- Education: Medieval history
- Alma mater: Katholieke Universiteit Leuven
- Scientific career
- Fields: Church history
- Institutions: Katholieke Universiteit Leuven
- Thesis: Aken of Jeruzalem? De ordo canonicus in het graafschap Vlaanderen: een onderzoek naar het ontstaan en de hervorming van de kanonikale instellingen (Merovingische periode - circa 1155) (1999)
- Website: www.arts.kuleuven.be/middeleeuwen/english/staff/00010002

= Brigitte Meijns =

Brigitte Leonie Isabelle Meijns is a Belgian medievalist, professor of Medieval History at the Katholieke Universiteit Leuven.

Meijns studied at the Katholieke Universiteit Leuven and the University of Poitiers, obtaining her doctorate from Leuven in 1999 with a thesis on the reform of chapters of canons regular in the 11th and 12th centuries.
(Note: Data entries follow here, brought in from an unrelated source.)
Lemma Egamma_test_bound {Z : Type} (F : (Z -> Prop) -> Prop) (P Q : (Z -> Prop) -> R)
    (C : Z -> Prop) (e q gamma : R) :
  (forall S, F S -> P S <= 1) -> (forall S, F S -> 0 <= Q S) -> 0 < gamma -> F C ->
  1 - e <= P C -> Q C <= q -> / gamma * (1 - e - Egamma F P Q gamma) <= q.
Proof.
  intros HP HQ Hgamma HC HPC HQC.
  pose proof (Egamma_ge F P Q gamma C HP HQ ltac:(lra) HC).
  apply (Rmult_le_reg_l gamma); [exact Hgamma|].
  rewrite <- Rmult_assoc, Rinv_r by lra; nra.
Qed.

Definition indicator {Z : Type} (E : Z -> Prop) (z : Z) : nat :=
  if excluded_middle_informative (E z) then 1%nat else 0%nat.

Lemma list_size_S {Z : Type} (n : nat) (D : nat -> Z -> Prop) (z : Z) :
  list_size (S n) D z = (list_size n D z + indicator (D n) z)%nat.
Proof.
  unfold list_size, indicator; rewrite seq_S, filter_app, length_app; simpl.
  destruct (excluded_middle_informative (D n z)); reflexivity.
Qed.

Lemma list_size_le {Z : Type} (n : nat) (D : nat -> Z -> Prop) (z : Z) :
  (list_size n D z <= n)%nat.
Proof.
  induction n; [apply le_n|]; rewrite list_size_S; unfold indicator.
  destruct (excluded_middle_informative (D n z)); lia.
Qed.

Section Measure.
Variables (Z : Type) (F : (Z -> Prop) -> Prop).
Hypothesis HF : is_sigma_algebra F.

Lemma measurableT : F setT.
Proof. apply HF. Qed.

Lemma measurableC (A : Z -> Prop) : F A -> F (fun z => ~ A z).
Proof. apply HF. Qed.

Lemma measurable0 : F (fun _ : Z => False).
Proof.
  replace (fun _ : Z => False) with (fun z => ~ @setT Z z).
  - apply measurableC, measurableT.
  - apply pred_ext; unfold setT; tauto.
Qed.
Lemma card_le_total X Y : card_le X Y \/ card_le Y X.
Proof.
destruct (classic (inhabited Y)) as [[y0] | Y_empty].
2: { right; exists (fun y => False_rect X (Y_empty (inhabits y))).
     intros y; destruct (Y_empty (inhabits y)). }
pose (injective_on (c : (X -> Prop) * (X -> Y)) :=
  forall x x', fst c x -> fst c x' -> snd c x = snd c x' -> x = x').
destruct (zorn (@extends X Y) injective_on) as [[D g] [g_inj g_max]].
- intros c _; split; auto.
- intros c d k _ _ _; apply extends_trans.
- intros C C_inj C_chain.
  destruct (exists_glued_function y0 C fst snd) as [g g_val].
  { intros c d x Cc Cd cx dx.
    destruct (C_chain c d Cc Cd) as [[_ E] | [_ E]]; [| symmetry]; auto. }
  assert (directed := chain_directed fst extends C (fun c d Rcd => proj1 Rcd) C_chain).
  exists (fun x => exists c, C c /\ fst c x, g); split.
  + intros x x' [c [Cc cx]] [d [Cd dx']]; simpl.
    destruct (directed c d Cc Cd) as [k [Ck [ck dk]]].
    rewrite !(g_val k) by auto; apply (C_inj k); auto.
  + intros c Cc; split; simpl; [eauto | intros x cx; symmetry; auto].
- unfold injective_on in g_inj; simpl in *.
  destruct (classic (forall x, D x)) as [D_full | [x0 x0_out]%not_all_ex_not].
  { left; exists g; intros x x'; apply g_inj; auto. }
  destruct (classic (forall y, exists x, D x /\ g x = y)) as [g_onto | [y1 y1_out]%not_all_ex_not].
  { right; apply card_le_trans with {x | D x}; [| apply card_le_sig].
    apply (card_le_surj (fun u => g (proj1_sig u))).
    intros y; destruct (g_onto y) as [x [Dx <-]]; exists (exist _ x Dx); reflexivity. }
  exfalso; apply x0_out.
  assert (y1_new : forall x, D x -> g x <> y1) by eauto.
  edestruct (g_max (fun x => D x \/ x = x0, fun x => if decide (x = x0) then y1 else g x))
    as [D_sub _]; [| split; simpl | apply D_sub; simpl; auto].
  + intros x x' [Dx | ->] [Dx' | ->]; simpl;
      repeat destruct (decide _); subst; intros E; auto; exfalso; eauto.
  + auto.
  + intros x Dx; destruct (decide (x = x0)); [subst; contradiction | reflexivity].
Qed.

Section Hessenberg.
Variables (A : Type) (e : nat -> A).
Hypothesis e_inj : Injective e.

Definition pairing_on (B : A -> Prop) (p : A -> A -> A) : Prop :=
  (forall n, B (e n)) /\
  (forall x y, B x -> B y -> B (p x y)) /\
  (forall x y x' y', B x -> B y -> B x' -> B y' -> p x y = p x' y' -> x = x' /\ y = y').

Definition extends_pairing (c d : (A -> Prop) * (A -> A -> A)) : Prop :=
  (forall x, fst c x -> fst d x) /\
  (forall x y, fst c x -> fst c y -> snd c x y = snd d x y).

Lemma pairing_on_range : exists p, pairing_on (fun x => exists n, e n = x) p.
Proof.
destruct (exists_left_inverse_on 0 (fun _ => True) e) as [ue ueK]; [auto |].
exists (fun x y => e (to_nat (ue x, ue y))); split; [| split]; eauto.
intros x y x' y' [n <-] [m <-] [n' <-] [m' <-] E.
apply e_inj, (f_equal of_nat) in E; rewrite !cancel_of_to, !ueK in E by auto.
injection E; intros -> ->; auto.
Qed.
(* Let $L$ be a Skolem-free first-order language, $T$ an $L$ theory and $\Gamma$ a set of $L$ formulas. Then $\mathrm{GSI}^\omega_\Gamma(\mathit{sk}^\exists(T))\sqsubseteq_L T+\mathrm{IND}(\Gamma)$, i.e. every $L$ formula provable in $\mathrm{GSI}^\omega_\Gamma(\mathit{sk}^\exists(T))$ is provable in $T+\mathrm{IND}(\Gamma)$.
   Context: Skolem symbols $\mathfrak{s}_{Qx\varphi}$: for each formula $Qx\varphi$ ($Q\in\{\forall,\exists\}$) a new function symbol of arity $|\mathrm{FV}(Qx\varphi)|$; $L$ is Skolem-free if it contains none of the Skolem symbols obtainable (iteratively) over $L$. $\mathit{sk}^\exists$/$\mathit{sk}^\forall$: $\mathit{sk}^Q$ fixes atoms, commutes with $\wedge,\vee$, $\mathit{sk}^Q(\neg A)=\neg\mathit{sk}^{\overline Q}(A)$, $\mathit{sk}^Q(QxA(x,\vec y))=\mathit{sk}^Q(A(\mathfrak{s}_{QxA}(\vec y),\vec y))$ with $\vec y$ exactly the free variables of $QxA$, $\mathit{sk}^Q(\overline QxA)=\overline Qx\,\mathit{sk}^Q(A)$; elementwise on theories. $I_x\varphi=\forall\vec z(\varphi(0,\vec z)\wedge\forall x(\varphi(x,\vec z)\to\varphi(s(x),\vec z))\to\forall x\varphi(x,\vec z))$, $\mathrm{IND}(\Gamma)=\{I_x\gamma:\gamma\in\Gamma\}$. $\Gamma\downarrow L'=\{\gamma(\vec x,t_1,\dots,t_n):\gamma(\vec x,z_1,\dots,z_n)\in\Gamma,\ t_i$ ground $L'$ terms$\}$; $\Delta^-$ = formulas of $\Delta$ with at most one free variable; $\mathrm{GSI}_\Gamma(T)=T+\mathit{sk}^\exists(\mathrm{IND}((\Gamma\downarrow L(T))^-))$, $\mathrm{GSI}^\omega_\Gamma(T)=\bigcup_i\mathrm{GSI}^i_\Gamma(T)$ ($i$-fold iterations). *)

From Stdlib Require List.
From mathcomp Require Import ssreflect ssrfun ssrbool eqtype ssrnat seq.

Set Implicit Arguments.
Unset Strict Implicit.
Unset Printing Implicit Defensive.

Inductive quant := Qall | Qex.

Definition qdual (Q : quant) := if Q is Qall then Qex else Qall.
This was published as Aken of Jeruzalem? Het ontstaan en de hervorming van de kanonikale instellingen in Vlaanderen tot circa 1155 (Leuven, 2000).
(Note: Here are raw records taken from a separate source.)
(* lambda_i = v_i + ... + v_{k-1} (1-based); here 0-based: i : 'I_k,
   lambda i = sum of the variables with (0-based) index m >= i,
   so lambda (k-1) = 0. *)
Definition lambda (k : nat) (i : nat) : mpoly k.-1 :=
  foldr (@mp_add _) (mp_zero _)
    [seq mp_var m | m : 'I_k.-1 <- enum 'I_k.-1 & (i <= m)%N].

Definition Vpoly (k : nat) : mpoly k.-1 :=
  foldr (@mp_mul _) (mp_one _)
    (flatten [seq [seq mp_sub (lambda k j) (lambda k i)
                     | j <- iota 0 k & (i < j)%N] | i <- iota 0 k]).

(* matching sequence: B_b has a matching covering D_b, i.e. an injective
   map from D_b = {(i,t) : t < b_i} to U = {(j,l) : j <= l} along edges
   (j <= i <= l).  All indices 0-based. *)
Definition matching_seq (n : nat) (b : 'I_n -> nat) : Prop :=
  exists f : {i : 'I_n & 'I_(b i)} -> 'I_n * 'I_n,
    injective f /\
    forall x, ((f x).1 <= tag x)%N /\ (tag x <= (f x).2)%N.

Definition perfect_matching_seq (k : nat) (b : 'I_k.-1 -> nat) : Prop :=
  matching_seq b /\ (\sum_(i < k.-1) b i)%N = 'C(k, 2).

From mathcomp Require Import all_boot all_order all_algebra zify.
Set Implicit Arguments. Unset Strict Implicit. Unset Printing Implicit Defensive.
Import GRing.Theory.

(* Expanding [V(lambda)], the factor [lambda_j - lambda_i] for [i < j] is
   [-(v_i + ... + v_(j-1))], so the coefficient of [v^b] is [(-1)^(C(k,2))] times
   the number of ways to pick, for every pair [i < j], an index [i <= p < j] so
   that each index [q] is picked [b_q] times: there is no cancellation, and (ii)
   says that such a picking exists.  Indexing the pair [(j, l + 1)] by the upper
   vertex [(j, l)], a picking is a labelling of the upper vertices by adjacent
   lower indices with fibres of sizes [b_i], i.e. (as [|b| = |U|]) a perfect
   matching.  A picking forces (iii), as the [C(t-s+2, 2)] pairs inside [s, t+1]
   all pick indices in [s, t].  Conversely (iii) is Hall's condition for the
   intervals [[i, j)], and a picking is built greedily: at the smallest left
   endpoint [s0], either [b_s0 = 0] and the intervals starting at [s0] may as
   well start at [s0 + 1], or [s0] is picked by the interval starting there that
   ends first. *)

Section All2.
Variables (S T : Type) (r : S -> T -> bool).

Lemma all2_size s t : all2 r s t -> size s = size t.
Proof. by elim: s t => [|x s IH] [|y t] //= /andP[_ /IH ->]. Qed.

Lemma all2_cat s1 s2 t1 t2 : size s1 = size t1 ->
  all2 r (s1 ++ s2) (t1 ++ t2) = all2 r s1 t1 && all2 r s2 t2.
Proof. by elim: s1 t1 => [|x s1 IH] [|y t1] //= [/IH ->]; rewrite andbA. Qed.

Lemma all2_nth x0 y0 s t i : all2 r s t -> i < size s -> r (nth x0 s i) (nth y0 t i).
Proof.
by elim: s t i => [|x s IH] [|y t] [|i] //= /andP[// rxy /IH]; apply.
Qed.

Lemma all2_mapr (g : S -> T) s : all2 r s (map g s) = all (fun x => r x (g x)) s.
Proof. by elim: s => //= x s ->. Qed.

Lemma leq_count_all2 (P : pred S) (Q : pred T) s t : all2 r s t ->
  (forall x y, r x y -> P x -> Q y) -> count P s <= count Q t.
Proof.
move=> + PQ; elim: s t => [|x s IH] [|y t] //= /andP[rxy /IH le_st].
by apply: leq_add => //; case Px: (P x); rewrite // (PQ x y).
Qed.

Lemma all2_allr (P : pred S) (Q : pred T) s t : all P s -> all2 r s t ->
  (forall x y, P x -> r x y -> Q y) -> all Q t.
Proof.
move=> + + PQ; elim: s t => [|x s IH] [|y t] //= /andP[Px Ps] /andP[rxy rst].
by rewrite (PQ x y) // IH.
Qed.

End All2.

Lemma sub_in_count (T : eqType) (a1 a2 : pred T) s :
  {in s, subpred a1 a2} -> count a1 s <= count a2 s.
Proof.
move=> sub12; rewrite -(@eq_in_count _ [pred x | a1 x && (x \in s)]) => [|x xs].
  by apply: sub_count => x /andP[a1x /sub12]; apply.
by rewrite /= xs andbT.
Qed.

Lemma card_set_in_count (T : finType) (A : {set T}) (P : pred T) :
  #|[set u in A | P u]| = count P (enum A).
Proof.
rewrite cardsE cardE -size_filter /enum_mem -filter_predI; congr size.
by apply: eq_filter => u /=; rewrite andbC.
Qed.

Lemma map_nth_index (T : eqType) (S : Type) (x0 : T) (y0 : S) (L : seq T) (s : seq S) :
  uniq L -> size L = size s -> map (fun x => nth y0 s (index x L)) L = s.
Proof.
move=> uL sz; apply: (eq_from_nth (x0 := y0)) => [|j]; rewrite size_map // => jL.
by rewrite (nth_map x0) // index_uniq // -sz.
Qed.

Lemma sum_count_mem n (P : pred nat) ps : all (fun p => p < n) ps ->
  \sum_(i < n | P i) count_mem (val i) ps = count P ps.
Proof.
elim: ps => [|p ps IH] /=; first by rewrite big1.
case/andP=> p_n ps_n; rewrite big_split /= IH //; congr (_ + _).
case: (boolP (P p)) => Pp; last first.
  by rewrite big1 // => i Pi; case: eqP => // p_i; rewrite p_i Pi in Pp.
rewrite (bigD1 (Ordinal p_n)) //= eqxx big1 // => i /andP[_ i_p].
by case: eqP => // p_i; case/eqP: i_p; apply: val_inj.
Qed.

Lemma eq_from_leq_sum (I : finType) (F G : I -> nat) :
  (forall i, F i <= G i) -> \sum_i F i = \sum_i G i -> forall i, F i = G i.
Proof.
move=> FG /eqP; rewrite (leqif_sum (fun i _ => leqif_eq (FG i))).2.
by move=> /forallP FG_eq i; apply/eqP/FG_eq.
Qed.

Definition picks (L : seq (nat * nat)) (ps : seq nat) :=
  all2 (fun x p => x.1 <= p < x.2) L ps.

Definition inside s t (x : nat * nat) := (s <= x.1) && (x.2 <= t).

Definition hall_cond (L : seq (nat * nat)) (c : nat -> nat) :=
  forall s t, count (inside s t) L <= \sum_(s <= p < t) c p.

Definition weight (L : seq (nat * nat)) := size L + sumn [seq x.2 - x.1 | x <- L].

Lemma hall_cond_nonempty L c x : hall_cond L c -> x \in L -> x.1 < x.2.
Proof.
move=> hallL xL; rewrite ltnNge; apply/negP => x21.
have : has (inside x.1 x.1) L by apply/hasP; exists x; rewrite // /inside leqnn.
by rewrite has_count; move: (hallL x.1 x.1); rewrite big_geq // leqn0 => /eqP->.
Qed.

Definition bump_left s0 (y : nat * nat) := if y.1 == s0 then (s0.+1, y.2) else y.

Lemma picks_bump_left s0 L ps : picks (map (bump_left s0) L) ps -> picks L ps.
Proof.
elim: L ps => [|y L IH] [|p ps] //= /andP[yp /IH ->].
by move: yp; rewrite /bump_left andbT; case: eqP => //= -> /andP[/ltnW ->].
Qed.

Lemma sumn_len_bump_left s0 L : (forall y, y \in L -> y.1 = s0 -> s0.+1 < y.2) ->
  sumn [seq x.2 - x.1 | x <- map (bump_left s0) L] + count (fun y : nat * nat => y.1 == s0) L
  = sumn [seq x.2 - x.1 | x <- L].
Proof.
elim: L => //= y L IH long; rewrite -IH => [|z zL]; last first.
  by apply: long; rewrite inE zL orbT.
rewrite /bump_left; case: eqP => /= [y1|_]; last lia.
by have := long y (mem_head _ _) y1; lia.
Qed.

Section BumpLeft.
Variables (L : seq (nat * nat)) (c : nat -> nat) (s0 : nat).
Hypotheses (hallL : hall_cond L c) (c_s0 : c s0 = 0).

(* An interval [s0, s0 + 1) would need capacity at s0. *)
Lemma long_at_empty_point y : y \in L -> y.1 = s0 -> s0.+1 < y.2.
Proof.
move=> yL y1; rewrite ltnNge; apply/negP => y2.
have : has (inside s0 s0.+1) L by apply/hasP; exists y; rewrite // /inside y1 leqnn.
by rewrite has_count; move: (hallL s0 s0.+1); rewrite big_nat1 c_s0 leqn0 => /eqP->.
Qed.

Lemma weight_bump_left : has (fun y : nat * nat => y.1 == s0) L ->
  weight (map (bump_left s0) L) < weight L.
Proof.
rewrite has_count /weight size_map -(sumn_len_bump_left long_at_empty_point).
lia.
Qed.

Lemma hall_bump_left : hall_cond (map (bump_left s0) L) c.
Proof.
move=> s t; rewrite count_map.
case: (eqVneq s s0.+1) => [->|s_ne].
  apply: leq_trans (_ : count (inside s0 t) L <= _).
    apply: sub_count => y; rewrite /inside /bump_left /=.
    by case: eqP => [->|_] /=; [rewrite !leqnn | case/andP => /ltnW -> ->].
  apply: leq_trans (hallL s0 t) _; case: (ltnP s0 t) => [s0_t | t_s0].
    by rewrite big_ltn // c_s0.
  by rewrite !big_geq // leqW.
rewrite (@eq_count _ _ (inside s t)) // => y; rewrite /inside /bump_left /=.
by case: eqP => //= ->; rewrite leq_eqVlt (negbTE s_ne).
Qed.

End BumpLeft.

Section Assign.
Variables (L1 L2 : seq (nat * nat)) (c : nat -> nat) (s0 t0 : nat).
Let L := L1 ++ (s0, t0) :: L2.
Hypotheses (hallL : hall_cond L c) (c_s0 : 0 < c s0).
Hypotheses (s0_min : forall y, y \in L -> s0 <= y.1)
  (t0_min : forall y, y \in L -> y.1 = s0 -> t0 <= y.2).

Lemma hall_assign : hall_cond (L1 ++ L2) (fun p => c p - (p == s0)).
Proof.
move=> s t.
have countL : count (inside s t) L = count (inside s t) (L1 ++ L2) + inside s t (s0, t0).
  by rewrite /L !count_cat /=; lia.
have sumB : \sum_(s <= p < t) (c p - (p == s0)) = \sum_(s <= p < t) c p - (s <= s0 < t).
  rewrite sumnB => [|p _]; last by case: eqP => [->|].
  rewrite [X in _ - X](eq_bigr (fun p => if p == s0 then 1 else 0)) => [|p _].
    by rewrite -big_mkcond big_nat1_eq; case: ifP.
  by case: (p == s0).
case: (boolP (s <= s0 < t)) => [/andP[s_s0 s0_t]| s0_out]; last first.
  by rewrite sumB (negbTE s0_out) subn0 (leq_trans _ (hallL s t)) // countL leq_addr.
case: (boolP (inside s t (s0, t0))) => [in0 | out0].
  by rewrite sumB; move: (hallL s t); rewrite countL in0; lia.
(* No interval inside [s, t) starts at s0: it would end before t0. *)
have : count (inside s t) L <= \sum_(s0.+1 <= p < t) c p.
  apply: leq_trans (hallL s0.+1 t); apply: sub_in_count => y yL /andP[_ yt].
  rewrite /inside yt andbT ltn_neqAle s0_min // andbT; apply/eqP => y1.
  move: out0; rewrite /inside s_s0 /= -ltnNge => /leq_trans.
  by move=> /(_ _ (t0_min yL (esym y1))); rewrite ltnNge yt.
rewrite sumB countL (negbTE out0) addn0 s_s0 s0_t (big_cat_nat s_s0 (ltnW s0_t)).
rewrite [\sum_(s0 <= _ < t) _]big_ltn //=; lia.
Qed.

End Assign.

Lemma picks_insert L1 L2 ps x p : picks (L1 ++ L2) ps -> x.1 <= p < x.2 ->
  picks (L1 ++ x :: L2) (take (size L1) ps ++ p :: drop (size L1) ps).
Proof.
move=> picksL xp.
have sz1 : size (take (size L1) ps) = size L1.
  by rewrite size_takel // -(all2_size picksL) size_cat leq_addr.
move: picksL; rewrite -{1}(cat_take_drop (size L1) ps) /picks !all2_cat //=.
by rewrite xp.
Qed.

Theorem interval_hall L c : hall_cond L c ->
  exists ps, picks L ps /\ forall p, count_mem p ps <= c p.
Proof.
move: {2}(weight L).+1 (ltnSn (weight L)) => N.
elim: N L c => // N IH L c wL hallL.
case: (boolP (nilp L)) => [/nilP-> | L_ne]; first by exists [::].
have ex_left : exists s, has (fun y : nat * nat => y.1 == s) L.
  by case: L L_ne {wL hallL} => // y L _; exists y.1; rewrite /= eqxx.
case: (ex_minnP ex_left) => s0 has_s0 s0_min.
have {}s0_min y : y \in L -> s0 <= y.1.
  by move=> yL; apply: s0_min; apply/hasP; exists y.
case: (posnP (c s0)) => c_s0.
  have [|ps [picksL capL]] := IH _ c _ (hall_bump_left hallL c_s0).
    exact: leq_trans (weight_bump_left hallL c_s0 has_s0) _.
  by exists ps; split => //; apply: picks_bump_left picksL.
have ex_right : exists t, (s0, t) \in L.
  by case/hasP: has_s0 => -[s t] yL /= /eqP <-; exists t.
case: (ex_minnP ex_right) => t0 s0t0L t0_min.
have {}t0_min y : y \in L -> y.1 = s0 -> t0 <= y.2.
  by case: y => s t yL /= y1; apply: t0_min; rewrite -y1.
have s0_t0 := hall_cond_nonempty hallL s0t0L.
case/splitPr: s0t0L => L1 L2 in wL hallL s0_min t0_min *.
have [|ps [picksL capL]] := IH _ _ _ (hall_assign hallL c_s0 s0_min t0_min).
  by move: wL; rewrite /weight !size_cat !map_cat !sumn_cat /=; lia.
exists (take (size L1) ps ++ s0 :: drop (size L1) ps); split.
  by apply: picks_insert; rewrite //= leqnn.
move=> p; have := capL p; rewrite -[in X in X <= _ -> _](cat_take_drop (size L1) ps).
by rewrite !count_cat /=; case: (eqVneq p s0) => [->|_] /=; rewrite ?subn0; lia.
Qed.

Section MPolyCoef.
Local Open Scope ring_scope.
Variable n : nat.
Implicit Types (p q r : mpoly n) (m : monom n).

Definition mon_divvar m (i : 'I_n) : monom n :=
  [ffun j => if j == i then (m j).-1 else m j].

Definition coef_divvar r m (i : 'I_n) : int :=
  if (0 < m i)%N then mp_coef r (mon_divvar m i) else 0.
Her work examines the role of collegiate churches in the medieval Low Countries, the local impact of Gregorian Reform, and the uses and exchange of relics.

She was a visiting scholar at the École Pratique des Hautes Études in Paris in 2008, and at the Institute for Advanced Study in spring 2009.

She currently teaches History of the Middle Ages and Religion in the Middle Ages (and formerly Post-Classical Latin Historical Texts) at KU Leuven.